**Problem statement:**
Up to and including the line that contains "pose s := mkseq (x \o succn) N.", return every line from the start of the data, unchanged.

**Dataset records:**
Lemma ict_chain (A : set X) a b d : internally_chain_transitive f A ->
  A a -> A b -> 0 < d ->
  exists s, [/\ s != [::], path (chain_step d) a s, last a s = b &
    forall z, z \in s -> A z].
Proof.
move=> ict Aa Ab d0; have [N [x [N1 [<- [<- [xA xd]]]]]] := ict a b Aa Ab d d0.
pose s := mkseq (x \o succn) N.
have nth_s i : (i <= N)%N -> nth (x 0%N) (x 0%N :: s) i = x i.
  by case: i => [|i] //= iN; rewrite nth_mkseq.
exists s; split.
- by rewrite -size_eq0 size_mkseq -lt0n.
- apply/(pathP (x 0%N)) => i; rewrite size_mkseq => iN.
  by rewrite -[nth _ s i]/(nth (x 0%N) (x 0%N :: s) i.+1) !nth_s //; [exact: xd | exact: ltnW].
- by have := nth_last (x 0%N) (x 0%N :: s); rewrite /= size_mkseq nth_s.
- by move=> z /mapP[i]; rewrite mem_iota => iN ->; apply: xA; lia.
Qed.

Lemma ict_tour (A : set X) b d : internally_chain_transitive f A -> A b -> 0 < d ->
  forall (ps : seq X) a, (forall p, p \in ps -> A p) -> A a ->
  exists s, [/\ s != [::], path (chain_step d) a s, last a s = b,
    forall z, z \in s -> A z & {subset ps <= s}].
Proof.
move=> ict Ab d0; elim=> [|p ps IH] a psA Aa.
  by have [s [s0 a_s sb sA]] := ict_chain ict Aa Ab d0; exists s.
have Ap : A p by apply: psA; rewrite mem_head.
have [s1 [s10 as1 s1p s1A]] := ict_chain ict Aa Ap d0.
have [|s2 [s20 ps2 s2b s2A ps_s2]] := IH p _ Ap.
  by move=> q qps; apply: psA; rewrite inE qps orbT.
have p_s1 : p \in s1 by rewrite -s1p; case: (s1) s10 => // y t _; exact: (mem_last y t).
exists (s1 ++ s2); split.
- by rewrite -size_eq0 size_cat addn_eq0 size_eq0 negb_and s10.
- by rewrite cat_path as1 s1p.
- by rewrite last_cat s1p.
- by move=> z; rewrite mem_cat => /orP[/s1A|/s2A].
- by move=> q; rewrite inE mem_cat => /predU1P[->|/ps_s2->]; rewrite ?p_s1 ?orbT.
Qed.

**Expected output:**
Lemma ict_chain (A : set X) a b d : internally_chain_transitive f A ->
  A a -> A b -> 0 < d ->
  exists s, [/\ s != [::], path (chain_step d) a s, last a s = b &
    forall z, z \in s -> A z].
Proof.
move=> ict Aa Ab d0; have [N [x [N1 [<- [<- [xA xd]]]]]] := ict a b Aa Ab d d0.
pose s := mkseq (x \o succn) N.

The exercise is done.